*Work task*: Using the listing beneath this task, count the lines with the word "case" and write only the result.

*Provided data*:
****************

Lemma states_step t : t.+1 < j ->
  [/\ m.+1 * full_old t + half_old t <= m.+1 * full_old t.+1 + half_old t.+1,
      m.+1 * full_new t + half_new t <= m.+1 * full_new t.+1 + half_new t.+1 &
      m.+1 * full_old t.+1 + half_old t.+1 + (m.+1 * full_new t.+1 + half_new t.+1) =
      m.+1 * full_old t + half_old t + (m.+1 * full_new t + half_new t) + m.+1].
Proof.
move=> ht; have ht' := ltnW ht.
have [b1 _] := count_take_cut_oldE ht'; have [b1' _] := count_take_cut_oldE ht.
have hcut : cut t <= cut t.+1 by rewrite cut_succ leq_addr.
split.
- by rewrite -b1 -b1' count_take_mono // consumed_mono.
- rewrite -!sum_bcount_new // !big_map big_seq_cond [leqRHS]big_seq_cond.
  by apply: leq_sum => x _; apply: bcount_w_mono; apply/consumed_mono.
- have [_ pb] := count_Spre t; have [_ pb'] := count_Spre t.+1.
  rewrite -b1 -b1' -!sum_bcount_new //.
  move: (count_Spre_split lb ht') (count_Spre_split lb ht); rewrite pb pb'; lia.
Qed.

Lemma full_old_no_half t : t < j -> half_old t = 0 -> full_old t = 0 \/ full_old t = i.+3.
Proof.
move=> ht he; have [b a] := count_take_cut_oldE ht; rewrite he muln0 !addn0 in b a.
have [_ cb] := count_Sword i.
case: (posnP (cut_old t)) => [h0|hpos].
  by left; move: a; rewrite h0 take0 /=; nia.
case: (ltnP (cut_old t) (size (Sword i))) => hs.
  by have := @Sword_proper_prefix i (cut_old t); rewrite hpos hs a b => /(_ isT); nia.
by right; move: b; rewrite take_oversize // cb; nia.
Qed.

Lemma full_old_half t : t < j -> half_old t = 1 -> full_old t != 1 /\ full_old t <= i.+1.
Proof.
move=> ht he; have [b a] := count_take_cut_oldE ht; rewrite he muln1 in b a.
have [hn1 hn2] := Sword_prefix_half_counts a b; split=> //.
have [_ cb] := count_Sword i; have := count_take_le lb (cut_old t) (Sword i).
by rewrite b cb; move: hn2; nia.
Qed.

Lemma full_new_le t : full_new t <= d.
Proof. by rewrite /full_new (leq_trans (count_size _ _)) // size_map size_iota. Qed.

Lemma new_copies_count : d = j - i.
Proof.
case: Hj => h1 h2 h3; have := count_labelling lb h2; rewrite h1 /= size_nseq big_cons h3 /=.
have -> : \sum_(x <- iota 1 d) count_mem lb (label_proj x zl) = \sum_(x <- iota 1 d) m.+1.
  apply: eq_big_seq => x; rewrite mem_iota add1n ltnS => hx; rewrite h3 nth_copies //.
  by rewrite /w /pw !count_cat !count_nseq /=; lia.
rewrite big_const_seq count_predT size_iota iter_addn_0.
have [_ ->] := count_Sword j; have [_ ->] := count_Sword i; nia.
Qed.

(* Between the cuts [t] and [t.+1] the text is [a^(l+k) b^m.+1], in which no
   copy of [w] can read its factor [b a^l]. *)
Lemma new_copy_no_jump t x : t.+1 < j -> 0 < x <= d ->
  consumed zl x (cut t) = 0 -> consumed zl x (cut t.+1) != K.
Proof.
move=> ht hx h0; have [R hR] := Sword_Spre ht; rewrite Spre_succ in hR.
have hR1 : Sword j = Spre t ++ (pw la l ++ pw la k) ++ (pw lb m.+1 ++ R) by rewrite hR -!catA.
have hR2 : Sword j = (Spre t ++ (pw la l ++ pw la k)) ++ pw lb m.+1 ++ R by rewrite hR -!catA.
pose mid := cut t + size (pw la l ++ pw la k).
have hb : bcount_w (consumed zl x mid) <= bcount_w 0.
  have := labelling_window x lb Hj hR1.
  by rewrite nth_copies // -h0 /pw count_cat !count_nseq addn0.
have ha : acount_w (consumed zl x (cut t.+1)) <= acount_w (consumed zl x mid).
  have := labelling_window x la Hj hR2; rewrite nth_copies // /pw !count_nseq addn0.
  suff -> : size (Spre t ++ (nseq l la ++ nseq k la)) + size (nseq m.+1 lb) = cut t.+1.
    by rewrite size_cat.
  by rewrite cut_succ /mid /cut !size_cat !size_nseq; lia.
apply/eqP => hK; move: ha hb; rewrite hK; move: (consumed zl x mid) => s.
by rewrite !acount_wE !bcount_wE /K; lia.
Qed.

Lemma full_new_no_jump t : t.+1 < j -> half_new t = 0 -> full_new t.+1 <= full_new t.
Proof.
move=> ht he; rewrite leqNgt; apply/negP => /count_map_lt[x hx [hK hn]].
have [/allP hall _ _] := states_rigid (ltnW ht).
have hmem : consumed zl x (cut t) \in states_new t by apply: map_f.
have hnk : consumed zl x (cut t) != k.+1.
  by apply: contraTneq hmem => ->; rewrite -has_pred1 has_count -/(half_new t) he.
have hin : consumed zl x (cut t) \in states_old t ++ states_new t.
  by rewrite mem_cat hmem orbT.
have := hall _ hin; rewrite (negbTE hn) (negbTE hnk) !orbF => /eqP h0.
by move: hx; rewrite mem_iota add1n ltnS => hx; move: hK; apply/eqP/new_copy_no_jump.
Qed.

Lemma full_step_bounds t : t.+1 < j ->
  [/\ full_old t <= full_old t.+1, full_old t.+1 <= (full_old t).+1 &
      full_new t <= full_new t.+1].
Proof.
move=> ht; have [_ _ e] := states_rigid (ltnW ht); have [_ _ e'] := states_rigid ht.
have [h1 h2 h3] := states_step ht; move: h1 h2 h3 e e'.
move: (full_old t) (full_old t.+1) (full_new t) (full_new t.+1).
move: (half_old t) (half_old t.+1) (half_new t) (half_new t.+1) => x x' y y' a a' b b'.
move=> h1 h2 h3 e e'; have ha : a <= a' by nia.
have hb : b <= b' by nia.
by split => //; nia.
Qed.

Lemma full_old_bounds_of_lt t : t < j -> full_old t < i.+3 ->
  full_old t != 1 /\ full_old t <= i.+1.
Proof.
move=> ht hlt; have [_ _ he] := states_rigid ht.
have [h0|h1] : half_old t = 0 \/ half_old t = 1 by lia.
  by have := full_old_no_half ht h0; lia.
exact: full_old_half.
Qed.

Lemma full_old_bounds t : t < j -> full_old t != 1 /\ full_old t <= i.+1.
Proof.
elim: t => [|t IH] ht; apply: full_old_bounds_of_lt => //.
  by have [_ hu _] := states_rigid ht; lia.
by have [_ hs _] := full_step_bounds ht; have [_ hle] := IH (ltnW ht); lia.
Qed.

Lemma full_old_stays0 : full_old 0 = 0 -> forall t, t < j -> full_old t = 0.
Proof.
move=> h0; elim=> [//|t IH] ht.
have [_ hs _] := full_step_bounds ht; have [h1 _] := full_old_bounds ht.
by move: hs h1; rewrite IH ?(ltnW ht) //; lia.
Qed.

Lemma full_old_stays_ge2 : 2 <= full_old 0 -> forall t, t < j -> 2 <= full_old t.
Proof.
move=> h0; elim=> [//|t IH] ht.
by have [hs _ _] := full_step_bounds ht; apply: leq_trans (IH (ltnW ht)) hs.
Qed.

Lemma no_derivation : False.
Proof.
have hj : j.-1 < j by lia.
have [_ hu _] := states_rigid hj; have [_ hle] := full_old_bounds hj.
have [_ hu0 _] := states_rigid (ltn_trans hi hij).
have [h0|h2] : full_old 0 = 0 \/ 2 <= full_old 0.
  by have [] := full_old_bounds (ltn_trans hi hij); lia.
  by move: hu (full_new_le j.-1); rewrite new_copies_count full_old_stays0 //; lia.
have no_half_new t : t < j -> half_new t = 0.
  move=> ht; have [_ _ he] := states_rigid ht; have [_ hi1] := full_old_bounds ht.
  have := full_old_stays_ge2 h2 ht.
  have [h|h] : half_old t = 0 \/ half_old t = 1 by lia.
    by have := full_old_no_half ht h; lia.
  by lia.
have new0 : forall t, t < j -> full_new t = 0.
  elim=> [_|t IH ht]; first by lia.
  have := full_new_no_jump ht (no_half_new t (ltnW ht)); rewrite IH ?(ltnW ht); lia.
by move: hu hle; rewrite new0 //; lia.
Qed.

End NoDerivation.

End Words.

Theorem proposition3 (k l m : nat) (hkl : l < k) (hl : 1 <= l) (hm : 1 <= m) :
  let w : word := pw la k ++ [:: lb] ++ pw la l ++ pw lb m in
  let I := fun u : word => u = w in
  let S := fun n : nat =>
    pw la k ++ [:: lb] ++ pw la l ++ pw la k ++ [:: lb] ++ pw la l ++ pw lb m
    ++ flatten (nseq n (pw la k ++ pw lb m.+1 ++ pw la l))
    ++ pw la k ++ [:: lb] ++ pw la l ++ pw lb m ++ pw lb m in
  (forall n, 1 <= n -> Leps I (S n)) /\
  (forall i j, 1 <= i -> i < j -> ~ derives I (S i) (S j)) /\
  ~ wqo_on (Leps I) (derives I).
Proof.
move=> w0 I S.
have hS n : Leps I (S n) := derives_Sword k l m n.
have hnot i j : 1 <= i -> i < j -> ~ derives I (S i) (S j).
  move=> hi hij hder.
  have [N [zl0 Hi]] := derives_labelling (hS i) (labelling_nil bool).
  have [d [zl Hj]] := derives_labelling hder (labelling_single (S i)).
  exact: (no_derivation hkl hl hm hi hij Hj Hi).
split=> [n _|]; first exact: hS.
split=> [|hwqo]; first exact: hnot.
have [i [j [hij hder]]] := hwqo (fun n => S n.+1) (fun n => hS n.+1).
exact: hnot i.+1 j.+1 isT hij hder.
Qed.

****************

*Solution*: 3